1. Controleer de batterij. Zorg ervoor dat de batterij goed is aangesloten en voldoende stroom heeft. Je kunt de accu testen met een voltmeter.
2. Controleer de bougie. Verwijder de bougie en controleer op vonk. Als er geen vonk is, vervang dan de bougie.
3. Controleer de brandstofleiding. Zorg ervoor dat de brandstofleiding niet geknikt of geblokkeerd is. U kunt ook het brandstoffilter controleren om te zien of deze verstopt is.
4. Controleer de carburateur. Maak de carburateur schoon en zorg ervoor dat deze goed is afgesteld.
5. Controleer het luchtfilter. Maak het luchtfilter schoon en zorg ervoor dat het niet verstopt is.

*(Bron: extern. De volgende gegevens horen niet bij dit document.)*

(* After m - a moves the bishop is at column c = j + m - a; if c < b the block
   sends it straight back to row 0, otherwise it crosses the a block rows on
   the right of the block. *)
Lemma reach_row0_return j : a + b <= n -> j < n ->
  reach f (0, j) (0, row0_return m n a b j).
Proof.
move=> le_ab_n lt_j_n; set c := (j + (m - a)) %% n.
have lt_c_n : c < n by rewrite ltn_pmod; lia.
have u_def : (j + m) %% n = (c + a) %% n by rewrite modnDml -addnA subnK //; lia.
rewrite /row0_return u_def; have [lt_c_b | ge_c_b] := ltnP c b.
  exists (m - a); rewrite iter_leave_upper // -/c lt_c_b.
  by rewrite modn_small ?ifT -?addnA ?modnDr ?modn_small //; lia.
exists (a + (m - a)); rewrite iterD iter_leave_upper // -/c ifN; last by lia.
have := @iter_lower (c - b) a _ (leqnn a); rewrite subnKC // => -> //; last by lia.
rewrite subnK ?modnn; last by lia.
congr pair; have [lt_ca_n | ge_ca_n] := ltnP (c + a) n.
  by rewrite (@modn_small (c + a)) // ifN ?modn_small; lia.
by rewrite (@modn_subn (c + a)) ?ifT ?(@modn_small (c + a - n + b))
           ?(@modn_subn (c - b + a)); lia.
Qed.

Lemma reach_iter_row0_return k : a + b <= n ->
  reach f (0, 0) (0, iter k (row0_return m n a b) 0).
Proof.
move=> le_ab_n; elim: k => [|k IHk]; first exact: reach_refl.
apply: reach_trans IHk (reach_row0_return _ _) => //.
case: k => [|k] /=; first by lia.
rewrite /row0_return; case: ifP => _; last by rewrite ltn_pmod; lia.
by apply: leq_trans le_ab_n; rewrite ltn_pmod; lia.
Qed.

End LeftBlock.

Lemma coprime_mulmod_onto p q r : coprime p q -> exists k, k * p = r %[mod q].
Proof.
case: p => [|p] cop_pq.
  by exists 0; move: cop_pq; rewrite /coprime gcd0n => /eqP->; rewrite !modn1.
have [km kn km_def _] := egcdnP q (ltn0Sn p).
exists (km * r); rewrite mulnAC km_def (eqP cop_pq) mulnDl mul1n mulnAC.
by rewrite modnMDl.
Qed.

Lemma modn_addMl_small r x d k : 0 < k -> r < d ->
  (r + x * d) %% (k * d) = r + x %% k * d.
Proof.
move=> k_gt0 lt_r_d; rewrite {1}(divn_eq x k) mulnDl -mulnA addnCA modnMDl.
rewrite modn_small //; move: (x %% k) (ltn_pmod x k_gt0) => q lt_q_k; nia.
Qed.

6. Controleer de terugloopstarter. Zorg ervoor dat de terugloopstarter goed is ingeschakeld.
7. Controleer de gaskabel. Zorg ervoor dat de gaskabel goed is aangesloten en niet beschadigd is.
8. Controleer de brandstofpomp Zorg ervoor dat de brandstofpomp stroom krijgt en brandstof naar de motor stuurt.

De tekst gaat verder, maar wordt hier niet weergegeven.